■ Problem details: Give back, word for word, the lines in the listing below from the one holding "(* (lower) previsions" down to the one holding "Definition INE (A", both ends included.

■ Data supplied:
(* Consider an imprecise hidden Markov model as in the context with fixed output sequence $o_{1:n}$, under the positivity assumption. Let $s\in\{2,\dots,n\}$, $\hat{x}_{s-1}\in\mathcal{X}_{s-1}$ and $x^*_{s:n}\in\mathcal{X}_{s:n}$. If $\alpha_{s-1}(\hat{x}_{s-1}\oplus x^*_{s:n})=\alpha^{\max}_{s-1}(\hat{x}_{s-1})$, then $x^*_{s:n}\in\mathrm{opt}(\mathcal{X}_{s:n}\mid\hat{x}_{s-1},o_{s:n})$.
   Context: Setting: $n\ge1$; $\mathcal{X}_0=\{x_0\}$ a singleton; finite non-empty $\mathcal{X}_1,\dots,\mathcal{X}_n$, $\mathcal{O}_1,\dots,\mathcal{O}_n$; $\mathcal{X}_{k:\ell}=\times_{r=k}^\ell\mathcal{X}_r$, similarly $\mathcal{O}_{k:\ell}$; $\oplus$ is concatenation. Coherent lower previsions $\underline{P}$: $\underline{P}(f)\ge\min f$, $\underline{P}(\lambda f)=\lambda\underline{P}(f)$ ($\lambda\ge0$), $\underline{P}(f+g)\ge\underline{P}(f)+\underline{P}(g)$; $\overline{P}(f)=-\underline{P}(-f)$; $\underline{P}(A)=\underline{P}(\mathbb{I}_A)$. Local models: coherent $\underline{Q}_k(\cdot\mid z_{k-1})$ on gambles on $\mathcal{X}_k$ and $\underline{S}_k(\cdot\mid z_k)$ on gambles on $\mathcal{O}_k$. Joint models: $\underline{E}_n(\cdot\mid z_n):=\underline{S}_n(\cdot\mid z_n)$; for $k<n$, $\underline{E}_k(\cdot\mid X_k)$ is the conditionally independent natural extension of $\underline{S}_k(\cdot\mid X_k)$ and $\underline{P}_{k+1}(\cdot\mid X_k)$ (pointwise smallest separately coherent conditional lower prevision on gambles on $\mathcal{X}_{k+1:n}\times\mathcal{O}_{k:n}$ jointly coherent with and extending both, with $O_k$ and $(X_{k+1:n},O_{k+1:n})$ mutually epistemically irrelevant given $X_k$); $\underline{P}_k(f\mid z_{k-1}):=\underline{Q}_k\big(\sum_{z_k}\mathbb{I}_{\{z_k\}}\underline{E}_k(f(z_k,\cdot)\mid z_k)\mid z_{k-1}\big)$. Positivity: $\overline{Q}_k(\{z_k\}\mid z_{k-1})>0$, $\overline{S}_k(\{o_k\}\mid z_k)>0$ always. $\mathrm{opt}(\mathcal{X}_{k:n}\mid z_{k-1},o_{k:n})$: the $\hat{x}_{k:n}$ with $\underline{P}_k(\mathbb{I}_{o_{k:n}}[\mathbb{I}_{x_{k:n}}-\mathbb{I}_{\hat{x}_{k:n}}]\mid z_{k-1})\le0$ for all $x_{k:n}\in\mathcal{X}_{k:n}$. $\alpha_k(z_{k:n}):=\overline{S}_k(\{o_k\}\mid z_k)\prod_{i=k+1}^n\overline{S}_i(\{o_i\}\mid z_i)\overline{Q}_i(\{z_i\}\mid z_{i-1})$ for $k\in\{1,\dots,n\}$; $\alpha^{\max}_k(x_k):=\max\{\alpha_k(z_{k:n}):z_{k:n}\in\mathcal{X}_{k:n},z_k=x_k\}$. *)

From HB Require Import structures.
From mathcomp Require Import all_boot all_order all_algebra.
From mathcomp Require Import boolp classical_sets reals.
Set Implicit Arguments. Unset Strict Implicit. Unset Printing Implicit Defensive.
Import Order.TTheory GRing.Theory Num.Theory.
Local Open Scope ring_scope.
Local Open Scope classical_set_scope.

Section IHMM.
Variable R : realType.

(* (lower) previsions on gambles on a space A *)
Definition LP (A : Type) := (A -> R) -> R.

Definition coherent (A : Type) (P : LP A) : Prop :=
  [/\ (forall (f : A -> R) (c : R), (forall a, c <= f a) -> c <= P f),
      (forall (l : R) (f : A -> R), 0 <= l -> P (fun a => l * f a) = l * P f)
    & (forall f g : A -> R, P f + P g <= P (fun a => f a + g a))].

Definition upper (A : Type) (P : LP A) (f : A -> R) : R := - P (fun a => - f a).

Definition upr1 (A : eqType) (P : LP A) (a : A) : R :=
  upper P (fun b => (b == a)%:R).

(* Independent natural extension (epistemic independence) of P1 on A and
   P2 on B: the natural extension of the conditional assessments
   P1(.|b) := P1 and P2(.|a) := P2 (mutual epistemic irrelevance). *)
Definition INE (A B : Type) (P1 : LP A) (P2 : LP B) : LP (A * B) :=
  fun f => sup [set mu : R | exists h1 h2 : A * B -> R,
    forall a b,
      (h1 (a, b) - P1 (fun a' => h1 (a', b)))
      + (h2 (a, b) - P2 (fun b' => h2 (a, b'))) <= f (a, b) - mu].

Variables (X O : nat -> finType).
Variable Q : forall k, X k.-1 -> LP (X k).
Variable S : forall k, X k -> LP (O k).

(* T k m = X_k x O_k x X_{k+1} x O_{k+1} x ... (m positions k..k+m-1) *)
Fixpoint T (k m : nat) : Type :=
  match m with 0 => unit | m'.+1 => (X k * (O k * T k.+1 m'))%type end.

Fixpoint XS (k m : nat) : finType :=
  match m with 0 => (unit : finType) | m'.+1 => ((X k * XS k.+1 m')%type : finType) end.
Fixpoint OS (k m : nat) : finType :=
  match m with 0 => (unit : finType) | m'.+1 => ((O k * OS k.+1 m')%type : finType) end.

(* E_k(.|x_k) on gambles on O_k x X_{k+1:k+m} x O_{k+1:k+m};
   m = 0 corresponds to k = n (E_n = S_n). *)
Fixpoint Ej (k m : nat) {struct m} : X k -> LP (O k * T k.+1 m) :=
  match m return X k -> LP (O k * T k.+1 m) with
  | 0 => fun x g => S x (fun o => g (o, tt))
  | m'.+1 => fun x =>
      INE (S x) (fun h => @Q k.+1 x (fun y => @Ej k.+1 m' y (fun p => h (y, p))))
  end.

Definition Pj (k m : nat) (z : X k.-1) : LP (T k m.+1) :=
  fun f => Q z (fun xk => @Ej k m xk (fun p => f (xk, p))).

Fixpoint matchX (k m : nat) : XS k m -> T k m -> bool :=
  match m return XS k m -> T k m -> bool with
  | 0 => fun _ _ => true
  | m'.+1 => fun xs t => (xs.1 == t.1) && matchX xs.2 t.2.2
  end.
Fixpoint matchO (k m : nat) : OS k m -> T k m -> bool :=
  match m return OS k m -> T k m -> bool with
  | 0 => fun _ _ => true
  | m'.+1 => fun os t => (os.1 == t.2.1) && matchO os.2 t.2.2
  end.

Definition opt (s m : nat) (z : X s.-1) (os : OS s m.+1) (xh : XS s m.+1) : Prop :=
  forall x : XS s m.+1,
    @Pj s m z (fun t => (matchO os t)%:R * ((matchX x t)%:R - (matchX xh t)%:R)) <= 0.

Fixpoint beta (s m : nat) : X s.-1 -> XS s m -> OS s m -> R :=
  match m return X s.-1 -> XS s m -> OS s m -> R with
  | 0 => fun _ _ _ => 1
  | m'.+1 => fun prev xs os =>
      upr1 (S xs.1) os.1 * upr1 (Q prev) xs.1 * @beta s.+1 m' xs.1 xs.2 os.2
  end.

(* alpha_{s-1}(xh ⊕ xs) for observations oh = o_{s-1}, os = o_{s:n} *)
Definition alpha (s m : nat) (xh : X s.-1) (oh : O s.-1) (xs : XS s m) (os : OS s m) : R :=
  upr1 (S xh) oh * @beta s m xh xs os.

Definition alphamax (s m : nat) (xh : X s.-1) (oh : O s.-1) (os : OS s m) : R :=
  \big[Num.max/0]_(xs : XS s m) alpha xh oh xs os.

End IHMM.

(* Every coherent lower prevision on a finite space is dominated by a linear
   prevision (a mass function) that can be chosen to attain the upper
   probability of any prescribed atom: a finite Hahn-Banach argument, extending
   a superlinear functional one direction at a time.  Taking such mass functions
   for all local models along the candidate sequence [xs] and mixing them gives,
   by induction from the last time step, a linear prevision [L] dominating
   [P_s(.|x_{s-1})] with [L(I_o I_x) <= beta(x)] for every state sequence [x]
   and [beta(xs) <= L(I_o I_{xs})], where [alpha_{s-1}(x_{s-1} ++ x)] is
   [beta(x)] times the positive factor [S_{s-1}({o_{s-1}}|x_{s-1})].  Hence
   [P_s(I_o (I_x - I_{xs})) <= beta(x) - beta(xs) <= 0] when [xs] maximises
   [alpha]. *)

From HB Require Import structures.
From mathcomp Require Import all_boot all_order all_algebra.
From mathcomp Require Import boolp classical_sets reals.
From mathcomp Require Import ring lra zify.
Set Implicit Arguments. Unset Strict Implicit. Unset Printing Implicit Defensive.
Import Order.TTheory GRing.Theory Num.Theory.
Local Open Scope ring_scope.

■ Exercise solution:
(* (lower) previsions on gambles on a space A *)
Definition LP (A : Type) := (A -> R) -> R.

Definition coherent (A : Type) (P : LP A) : Prop :=
  [/\ (forall (f : A -> R) (c : R), (forall a, c <= f a) -> c <= P f),
      (forall (l : R) (f : A -> R), 0 <= l -> P (fun a => l * f a) = l * P f)
    & (forall f g : A -> R, P f + P g <= P (fun a => f a + g a))].

Definition upper (A : Type) (P : LP A) (f : A -> R) : R := - P (fun a => - f a).

Definition upr1 (A : eqType) (P : LP A) (a : A) : R :=
  upper P (fun b => (b == a)%:R).

(* Independent natural extension (epistemic independence) of P1 on A and
   P2 on B: the natural extension of the conditional assessments
   P1(.|b) := P1 and P2(.|a) := P2 (mutual epistemic irrelevance). *)
Definition INE (A B : Type) (P1 : LP A) (P2 : LP B) : LP (A * B) :=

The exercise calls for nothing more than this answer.